Confusing, right? Imperfect tools give us noisy data, and fMRI is a very imperfect tool. Brain damage can also be ambiguous, as different parts of the tightly interconnected PFC can compensate for local damage. Here’s where TMS comes in handy. TMS involves rapidly oscillating magnetic fields, which can generate weak electrical currents in brain tissue. This leads to a collective depolarization in a specific brain area – the pulses of TMS can be narrowly focused – which makes it harder for that bit of tissue to become excited and exert its influence. The end result is that it’s possible to selectively and temporarily “knock-out” circuits in the brain.
This latest study, led by Bernd Figner at Columbia, used TMS to disrupt the lateral prefrontal cortex while people were debating whether or not to delay for a larger reward. The end result was that people became much more impulsive: when the massive beam of electromagnetism was aimed at our forehead, we found it harder to delay gratification, and became significantly more likely to choose $20 right now, instead of $25 next month.
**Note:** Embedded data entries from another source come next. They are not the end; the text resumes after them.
Lemma center_coef_gt0 x Q m y C e : step4_inv x Q m y ->
  min_norm_point (m |: Q) C -> \sum_(i in m |: Q) e i = 1 ->
  C = \sum_(i in m |: Q) e i *: a i -> 0 < e m.
Proof.
move=> inv hC e1 eC; have lt := center_norm_lt inv hC.
have mQ := inv4_notin inv.
have Cx : dot C x = e m * dot (a m) x + (1 - e m) * dot x x.
  rewrite eC dot_suml big_setU1 //= dotZl.
  under eq_bigr => i iQ do rewrite dotZl (inv4_dotQ inv iQ).
  by rewrite -mulr_suml; move: e1; rewrite big_setU1 //= => <-; ring.
have := dot_self_ge0 (C - x); rewrite dotBB Cx.
by have := inv4_dotm inv; have := inv4_pos inv; nra.
Qed.

Lemma step2_inv_start j0 : step2_inv (a j0) [set j0].
Proof.
split; rewrite ?dot_a_a ?ltr01 //.
- by move=> c; rewrite !big_set1 => c0 _ i /set1P ->.
- by exists (fun _ => 1); rewrite !big_set1 scale1r; split=> // i _; apply: ler01.
by split=> [|i /set1P ->]; first exists (fun _ => 1); rewrite ?big_set1 ?scale1r.
Qed.

Lemma most_violated_lt0 x m : 0 < dot x x -> ~ feasible a (normalize x) ->
  most_violated a (normalize x) m -> dot (a m) x < 0.
Proof.
move=> x0 infeas mviol.
have [i ai] : exists i, dot (a i) (normalize x) < 0.
  apply: NNPP => noneg; apply: infeas => i; rewrite leNgt; apply/negP => ai.
  by apply: noneg; exists i.
have := le_lt_trans (mviol i) ai; rewrite dot_normalize pmulr_rlt0 //.
by rewrite invr_gt0 vnorm_gt0.
Qed.

Lemma step4_inv_init x Q m : step2_inv x Q -> dot (a m) x < 0 ->
  ~ positively_spanning a (m |: Q) -> step4_inv x Q m x.
Proof.
move=> [indQ convx [_ dotQ] x0] mx npos.
have indmQ : affinely_independent a (m |: Q).
  by apply: affinely_independent_setU1 indQ dotQ _; rewrite lt_eqF // (lt_trans mx).
split=> //; last by left.
- by move=> conv0; apply: npos.
- by apply: in_conv_subset convx; apply: subsetU1.
Qed.

Lemma step2_inv_center x Q m y C : step4_inv x Q m y ->
  min_norm_point (m |: Q) C -> in_conv a (m |: Q) C -> step2_inv C (m |: Q).
Proof.
move=> inv hC convC; split=> //; first exact: inv4_indep inv.
rewrite lt0r dot_self_ge0 andbT; apply: contra_notN (inv4_0notin inv).
by move/eqP/dot_self_eq0 => C0; rewrite -C0.
Qed.

Lemma dot_toward_center y C t : dot y C = dot C C ->
  dot (y + t *: (C - y)) (y + t *: (C - y)) =
  dot y y - (2 * t - t ^+ 2) * (dot y y - dot C C).
Proof.
by move=> yC; rewrite !dotDl !dotDr !dotZl !dotZr !dotBl !dotBr (dotC C y) yC; ring.
Qed.

Lemma simplex_facetE Q m j F : m \notin Q -> j \in Q ->
  simplex_facet (m |: Q) F -> j \notin F -> F = m |: (Q :\ j).
Proof.
move=> mQ jQ [v _ ->]; rewrite in_setD1 setU1r // andbT negbK => /eqP <-.
apply/setP => i; rewrite !inE; have [->|] := eqVneq i m => //=.
by rewrite andbT; apply: contraNneq _ mQ => ->.
Qed.

Lemma step4_inv_exit x Q m y C y' F j : step4_inv x Q m y ->
  min_norm_point (m |: Q) C -> segment_exit a (m |: Q) y C y' ->
  simplex_facet (m |: Q) F -> in_conv a F y' -> j \in Q -> j \notin F ->
  step4_inv x (Q :\ j) m y'.
Proof.
move=> inv hC [t [/andP[t0 t1] [-> _]]] facetF convF jQ jF.
have subQ : m |: (Q :\ j) \subset m |: Q by apply/setUS/subD1set.
rewrite (simplex_facetE (inv4_notin inv) jQ facetF jF) in convF.
split; first exact: affinely_independent_subset subQ (inv4_indep inv).
- by move=> i /setD1P[_ /(inv4_dotQ inv)].
- exact: inv4_pos inv.
- exact: inv4_dotm inv.
- by move=> conv0; apply/(inv4_0notin inv)/(in_conv_subset subQ).
- exact: convF.
have [->|t_neq0] := eqVneq t 0; first by rewrite scale0r addr0; exact: inv4_norm inv.
right; have lt := center_norm_lt inv hC.
have yx : dot y y <= dot x x by case: (inv4_norm inv) => [->|/ltW].
rewrite dot_toward_center; last first.
  exact: min_norm_point_dot hC (in_conv_aff (inv4_conv inv)).
(* |y'|^2 = (1 - l) |y|^2 + l |C|^2 with l = 2t - t^2 in (0, 1] *)
have tpos : 0 < t by rewrite lt_neqAle eq_sym t_neq0.
have lam0 : 0 < 2 * t - t ^+ 2 by nra.
have lam1 : 2 * t - t ^+ 2 <= 1 by nra.
nra.
Qed.

Lemma step2_progress x Q : exists s, alg_step a (AtStep2 x Q) s.
Proof.
have [feas|infeas] := classic (feasible a (normalize x)).
  by exists (Stop2 x); apply: step2_stop.
have [i0 _] : exists i : 'I_n, true.
  by apply: NNPP => none; apply: infeas => i; case: none; exists i.
case: (@arg_minP _ _ _ i0 xpredT (fun j => dot (a j) (normalize x)) isT).
move=> m _ mviol.
have {}mviol : most_violated a (normalize x) m by move=> j; apply: mviol.
have [pos|npos] := classic (positively_spanning a (m |: Q)).
  by eexists; apply: step3_stop.
by eexists; apply: step3_continue.
Qed.

Lemma step4_progress x Q m y : step4_inv x Q m y ->
  exists s, alg_step a (AtStep4 Q m y) s.
Proof.
move=> inv; have [C hC] : exists C, min_norm_point (m |: Q) C.
  by apply: min_norm_point_exists; apply/set0Pn; exists m; rewrite setU11.
have touchC := (touching_centerE _ _).2 hC.
have [convC|nconvC] := classic (in_conv a (m |: Q) C).
  by eexists; apply: step5 touchC convC.
have [[e [e1 eC]] _] := hC.
have [j [y' [jmQ ej exit convy']]] :=
  segment_exit_facet (inv4_indep inv) (inv4_conv inv) e1 eC nconvC.
have jQ : j \in Q.
  case/setU1P: jmQ => // jm; have := center_coef_gt0 inv hC e1 eC.
  by rewrite -jm; lra.
eexists; apply: (step6 touchC nconvC exit _ convy' jQ); first by exists j.
by rewrite setD11.
Qed.

Definition alg_inv (s : alg_state R d n) : Prop :=
  match s with
  | AtStep2 x Q => step2_inv x Q
  | AtStep4 Q m y => exists x, step4_inv x Q m y
  | Stop2 x => vnorm (normalize x) = 1 /\ forall i, 0 <= dot (a i) x
  | Stop3 Q => positively_spanning a Q
  end.

Lemma alg_inv_step s s' : alg_inv s -> alg_step a s s' -> alg_inv s'.
Proof.
move=> inv_s st; case: st inv_s => /=.
- move=> x Q feas [_ _ _ x0]; split; first exact: vnorm_normalize.
  move=> i; have := feas i; rewrite dot_normalize pmulr_rge0 //.
  by rewrite invr_gt0 vnorm_gt0.
- by [].
- move=> x Q m infeas mviol npos inv; have [_ _ _ x0] := inv.
  by exists x; apply: step4_inv_init inv (most_violated_lt0 x0 infeas mviol) npos.
- move=> Q m y C /touching_centerE hC convC [x inv].
  exact: step2_inv_center inv hC convC.
- move=> Q m y C y' F j /touching_centerE hC _ exit facetF convF jQ jF [x inv].
  by exists x; apply: step4_inv_exit inv hC exit facetF convF jQ jF.
Qed.

Lemma alg_inv_reachable s s' : clos_refl_trans _ (alg_step a) s s' ->
  alg_inv s -> alg_inv s'.
Proof.
elim=> [u v /[swap] /alg_inv_step|//|u v w _ IHuv _ IHvw /IHuv/IHvw] //; apply.
Qed.

Definition hull_center P : vec := epsilon (inhabits 0) (min_norm_point P).

Lemma hull_centerE P z : min_norm_point P z -> hull_center P = z.
Proof.
by move=> hz; apply: min_norm_point_uniq (epsilon_spec _ _ (ex_intro _ z hz)) hz.
Qed.

Definition lower_hulls x :=
  [set P : {set 'I_n} | dot (hull_center P) (hull_center P) < dot x x].

Lemma lower_hulls_proper x x' Q' : min_norm_point Q' x' -> dot x' x' < dot x x ->
  lower_hulls x' \proper lower_hulls x.
Proof.
move=> hx' lt; apply/properP; split.
  by apply/subsetP => P; rewrite !inE => /lt_trans; apply.
by exists Q'; rewrite !inE (hull_centerE hx') ?lt ?ltxx.
Qed.

Local Notation terminates := (Acc (fun t s => alg_step a s t)).

Lemma terminates_step4 x :
    (forall x' Q', step2_inv x' Q' -> dot x' x' < dot x x ->
       terminates (AtStep2 x' Q')) ->
  forall Q m y, step4_inv x Q m y -> terminates (AtStep4 Q m y).
Proof.
move=> IH2 Q; have [k ltQk] := ubnP #|Q|.
elim: k => [|k IH] in Q ltQk *; first by rewrite ltn0 in ltQk.
move=> m y inv; constructor => s st.
inversion st as [| | | ? ? ? C touchC convC
                 | ? ? ? C y' F j touchC _ exit facetF convF jQ jF]; subst.
  have hC := (touching_centerE _ _).1 touchC.
  exact: IH2 (step2_inv_center inv hC convC) (center_norm_lt inv hC).
have hC := (touching_centerE _ _).1 touchC.
apply: IH (step4_inv_exit inv hC exit facetF convF jQ jF).
by rewrite (cardsD1 j Q) jQ add1n ltnS in ltQk.
Qed.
Interestingly, the TMS beam didn’t disrupt our desire for the rewards. Although subjects had a largely incapacitated lateral PFC, they still assigned the various rewards the same level of attractiveness. What this suggests is that the lateral PFC doesn’t compute the subjective value of things. Instead, it represents a modulatory signal that selectively favors the future, and allows us to discount the impulses of the present moment. In other words, it turns down the volume knob on our desires, so that we can make a more “rational” decision. Because TMS is reversible, this elegant study adds to the growing weight of evidence that the lateral PFC plays a causal role in delayed gratification.
We’re living in an age that lived beyond its means. If we’re ever going to move beyond these tiresome conversations about defaults, foreclosures and debt, then we’re going to have to learn to live without, to forgo the instant pleasure for the delayed reward. That’s not an easy thing to do, but we’re beginning to learn how we do it.